_TASK INSTRUCTIONS:_
Filter the data for lines with the word "tnth" and copy those lines.

_INPUT DATA:_
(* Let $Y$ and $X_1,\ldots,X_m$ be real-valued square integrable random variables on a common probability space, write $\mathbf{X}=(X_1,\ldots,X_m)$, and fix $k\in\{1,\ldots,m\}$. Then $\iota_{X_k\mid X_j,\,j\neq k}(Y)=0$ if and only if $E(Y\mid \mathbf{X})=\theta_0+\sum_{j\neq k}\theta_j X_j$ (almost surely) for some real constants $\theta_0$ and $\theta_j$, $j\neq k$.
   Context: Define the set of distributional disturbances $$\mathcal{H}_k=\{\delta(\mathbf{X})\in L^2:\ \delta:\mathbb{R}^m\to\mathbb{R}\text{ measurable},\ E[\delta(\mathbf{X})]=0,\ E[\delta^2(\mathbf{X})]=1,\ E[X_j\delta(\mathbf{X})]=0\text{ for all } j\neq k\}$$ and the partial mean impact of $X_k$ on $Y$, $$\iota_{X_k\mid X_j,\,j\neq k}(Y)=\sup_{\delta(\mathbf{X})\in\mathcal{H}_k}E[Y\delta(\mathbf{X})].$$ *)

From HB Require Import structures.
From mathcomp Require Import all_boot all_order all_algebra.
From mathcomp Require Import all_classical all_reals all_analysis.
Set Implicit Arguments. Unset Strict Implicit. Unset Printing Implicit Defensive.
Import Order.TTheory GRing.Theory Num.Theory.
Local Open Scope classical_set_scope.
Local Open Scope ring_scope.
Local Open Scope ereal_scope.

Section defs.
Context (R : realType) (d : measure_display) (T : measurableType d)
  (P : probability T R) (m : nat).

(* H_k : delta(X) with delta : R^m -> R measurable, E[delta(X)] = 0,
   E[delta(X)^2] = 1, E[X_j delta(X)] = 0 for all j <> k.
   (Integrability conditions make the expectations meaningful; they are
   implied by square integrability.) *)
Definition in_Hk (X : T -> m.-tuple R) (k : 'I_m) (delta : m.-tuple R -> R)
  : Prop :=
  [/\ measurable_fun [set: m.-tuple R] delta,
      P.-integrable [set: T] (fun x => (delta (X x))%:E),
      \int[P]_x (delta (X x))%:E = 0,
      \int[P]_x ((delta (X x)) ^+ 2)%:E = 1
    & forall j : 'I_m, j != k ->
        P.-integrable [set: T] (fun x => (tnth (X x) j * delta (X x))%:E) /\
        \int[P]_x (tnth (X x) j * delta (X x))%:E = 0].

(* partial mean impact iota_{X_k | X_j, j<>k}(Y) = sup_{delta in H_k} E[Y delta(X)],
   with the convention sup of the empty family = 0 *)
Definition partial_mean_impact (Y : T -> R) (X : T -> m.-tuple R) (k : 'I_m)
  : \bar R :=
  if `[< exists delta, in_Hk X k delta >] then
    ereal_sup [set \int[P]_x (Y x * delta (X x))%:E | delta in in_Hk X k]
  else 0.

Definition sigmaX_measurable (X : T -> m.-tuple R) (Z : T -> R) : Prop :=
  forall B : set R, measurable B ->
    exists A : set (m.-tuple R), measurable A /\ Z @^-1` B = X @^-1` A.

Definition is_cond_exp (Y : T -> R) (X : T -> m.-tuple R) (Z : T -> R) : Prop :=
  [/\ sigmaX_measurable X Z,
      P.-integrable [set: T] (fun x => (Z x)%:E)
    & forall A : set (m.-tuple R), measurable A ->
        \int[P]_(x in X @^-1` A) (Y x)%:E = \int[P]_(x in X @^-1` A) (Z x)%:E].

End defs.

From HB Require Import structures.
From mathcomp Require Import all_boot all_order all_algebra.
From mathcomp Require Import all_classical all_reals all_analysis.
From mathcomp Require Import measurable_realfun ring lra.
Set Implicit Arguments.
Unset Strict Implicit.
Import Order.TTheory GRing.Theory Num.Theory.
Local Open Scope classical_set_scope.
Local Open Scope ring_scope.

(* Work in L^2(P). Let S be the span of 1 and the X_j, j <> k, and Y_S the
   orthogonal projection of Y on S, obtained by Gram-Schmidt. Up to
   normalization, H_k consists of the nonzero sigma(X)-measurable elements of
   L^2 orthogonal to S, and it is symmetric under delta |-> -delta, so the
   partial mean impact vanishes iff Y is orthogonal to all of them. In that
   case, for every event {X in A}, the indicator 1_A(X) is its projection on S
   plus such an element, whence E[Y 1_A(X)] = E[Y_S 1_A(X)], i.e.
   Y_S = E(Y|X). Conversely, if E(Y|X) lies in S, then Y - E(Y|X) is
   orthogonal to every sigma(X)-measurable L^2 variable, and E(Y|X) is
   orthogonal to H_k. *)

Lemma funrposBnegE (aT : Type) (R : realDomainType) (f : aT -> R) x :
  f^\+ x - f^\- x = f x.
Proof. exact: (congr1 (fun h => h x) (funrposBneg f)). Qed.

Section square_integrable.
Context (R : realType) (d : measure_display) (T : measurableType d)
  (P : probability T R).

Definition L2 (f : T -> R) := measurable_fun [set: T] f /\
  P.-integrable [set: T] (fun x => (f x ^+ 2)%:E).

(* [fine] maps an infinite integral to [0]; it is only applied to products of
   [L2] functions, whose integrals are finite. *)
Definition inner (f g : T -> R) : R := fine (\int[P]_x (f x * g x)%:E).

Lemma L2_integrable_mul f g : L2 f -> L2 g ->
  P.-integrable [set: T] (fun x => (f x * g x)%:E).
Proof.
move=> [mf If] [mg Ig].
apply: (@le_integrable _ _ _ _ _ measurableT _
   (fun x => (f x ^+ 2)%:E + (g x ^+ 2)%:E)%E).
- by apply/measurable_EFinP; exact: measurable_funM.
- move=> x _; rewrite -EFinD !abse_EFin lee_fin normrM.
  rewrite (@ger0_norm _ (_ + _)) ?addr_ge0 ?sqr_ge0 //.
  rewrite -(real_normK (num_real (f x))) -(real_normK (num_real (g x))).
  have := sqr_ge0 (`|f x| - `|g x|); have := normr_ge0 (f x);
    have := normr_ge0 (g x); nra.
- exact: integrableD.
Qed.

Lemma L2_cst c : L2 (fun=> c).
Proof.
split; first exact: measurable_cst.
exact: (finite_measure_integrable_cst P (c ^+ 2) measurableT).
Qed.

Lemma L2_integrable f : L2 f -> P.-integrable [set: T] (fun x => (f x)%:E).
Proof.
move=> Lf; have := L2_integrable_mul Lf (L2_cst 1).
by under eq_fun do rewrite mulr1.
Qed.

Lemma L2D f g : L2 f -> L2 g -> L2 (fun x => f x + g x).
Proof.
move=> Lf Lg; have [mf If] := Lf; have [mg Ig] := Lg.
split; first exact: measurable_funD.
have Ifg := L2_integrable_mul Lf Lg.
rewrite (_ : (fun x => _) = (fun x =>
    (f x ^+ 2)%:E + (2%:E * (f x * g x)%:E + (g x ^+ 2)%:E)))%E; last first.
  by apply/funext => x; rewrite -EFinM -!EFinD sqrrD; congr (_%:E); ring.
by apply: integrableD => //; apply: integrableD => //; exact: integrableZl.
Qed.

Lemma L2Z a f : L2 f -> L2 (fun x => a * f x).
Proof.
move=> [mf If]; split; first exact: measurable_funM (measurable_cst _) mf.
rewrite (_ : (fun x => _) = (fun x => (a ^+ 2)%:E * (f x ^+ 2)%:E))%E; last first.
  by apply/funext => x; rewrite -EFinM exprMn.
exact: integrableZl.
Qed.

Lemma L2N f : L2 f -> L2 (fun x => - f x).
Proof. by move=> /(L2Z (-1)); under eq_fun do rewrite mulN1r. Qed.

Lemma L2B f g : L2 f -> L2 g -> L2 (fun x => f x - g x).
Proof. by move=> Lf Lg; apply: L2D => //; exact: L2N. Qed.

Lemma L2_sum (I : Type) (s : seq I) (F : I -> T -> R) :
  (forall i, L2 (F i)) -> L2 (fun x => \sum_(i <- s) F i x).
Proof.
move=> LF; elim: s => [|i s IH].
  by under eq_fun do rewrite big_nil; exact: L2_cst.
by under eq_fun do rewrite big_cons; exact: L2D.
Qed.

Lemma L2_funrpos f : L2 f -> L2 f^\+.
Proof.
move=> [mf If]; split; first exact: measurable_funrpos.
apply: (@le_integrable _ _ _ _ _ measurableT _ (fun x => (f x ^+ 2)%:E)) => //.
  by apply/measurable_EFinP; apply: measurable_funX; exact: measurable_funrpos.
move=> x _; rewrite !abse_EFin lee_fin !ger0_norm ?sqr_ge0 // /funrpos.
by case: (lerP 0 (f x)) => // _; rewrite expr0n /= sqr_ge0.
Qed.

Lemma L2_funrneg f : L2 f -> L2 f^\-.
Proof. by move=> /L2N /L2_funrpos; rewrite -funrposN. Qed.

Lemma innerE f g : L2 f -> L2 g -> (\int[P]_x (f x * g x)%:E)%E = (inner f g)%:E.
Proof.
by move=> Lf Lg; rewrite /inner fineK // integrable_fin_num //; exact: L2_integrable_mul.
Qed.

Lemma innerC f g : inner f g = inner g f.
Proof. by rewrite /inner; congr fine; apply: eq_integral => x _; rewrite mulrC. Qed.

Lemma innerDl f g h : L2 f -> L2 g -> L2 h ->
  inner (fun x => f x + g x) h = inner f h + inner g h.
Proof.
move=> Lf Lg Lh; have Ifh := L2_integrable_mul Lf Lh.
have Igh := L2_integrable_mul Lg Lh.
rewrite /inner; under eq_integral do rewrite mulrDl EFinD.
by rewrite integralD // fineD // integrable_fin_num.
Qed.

_RESULT OF THE EXERCISE:_
        P.-integrable [set: T] (fun x => (tnth (X x) j * delta (X x))%:E) /\
        \int[P]_x (tnth (X x) j * delta (X x))%:E = 0].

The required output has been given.